ASSIGNMENT:
Repeat exactly, and only, the lines from the line containing "intros dD cnNf x U oU Ux." through the last line of the records below, including both.

RECORD EXTRACTS:
Lemma compact_ltrans_preimage d C : compact tau C -> compact tau (fun y => C (d * y)).
Proof.
  apply (compact_preimage tau (fun y => d * y) (fun y => d^-1 * y)).
  - intros W oW; apply open_ltrans, oW.
  - intro; apply mulKVg.
  - intro; apply mulKg.
Qed.

Lemma dense_translate D x M : dense tau D -> is_open tau M -> M e ->
  exists d, D d /\ M (d^-1 * x).
Proof.
  intros dD oM Me.
  destruct (dD x (fun z => M (z^-1 * x))) as (d & Mdx & Dd); eauto.
  - apply (open_inv (fun z => M (z * x))), open_rtrans, oM.
  - cbv beta; rewrite gmulVl; exact Me.
Qed.

Lemma translates_countable D Nf : countable D -> countable Nf -> countable (translates D Nf).
Proof. intros cD cNf; exact (countable_image2 _ _ translate cD cNf). Qed.

Lemma setmuls_countable Nf : countable Nf -> countable (setmuls Nf).
Proof. intro cNf; exact (countable_image2 _ _ setmul cNf cNf). Qed.

Lemma cn_network_at1_translates D Nf : dense tau D -> cn_network_at tau Nf e ->
  network tau (translates D Nf).
Proof.
  intros dD cnNf x U oU Ux.
  destruct (nbhd_translate_sub x U oU Ux) as (W & oW & We & WU).
  destruct (cnNf W (nbhd_open tau W e oW We)) as (M & oM & Me & MNf).
  destruct (dense_translate D x M dD oM Me) as (d & Dd & Mdx).
  destruct (MNf _ Mdx) as (N & NfN & _ & NW & Ndx).
  exists (translate d N). repeat split; [exists d, N; auto|exact Ndx|].
  exact (WU d N (NW _ Ndx) NW).
Qed.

ANSWER TO THIS EXERCISE:
  intros dD cnNf x U oU Ux.
  destruct (nbhd_translate_sub x U oU Ux) as (W & oW & We & WU).
  destruct (cnNf W (nbhd_open tau W e oW We)) as (M & oM & Me & MNf).
  destruct (dense_translate D x M dD oM Me) as (d & Dd & Mdx).
  destruct (MNf _ Mdx) as (N & NfN & _ & NW & Ndx).
  exists (translate d N). repeat split; [exists d, N; auto|exact Ndx|].
  exact (WU d N (NW _ Ndx) NW).
Qed.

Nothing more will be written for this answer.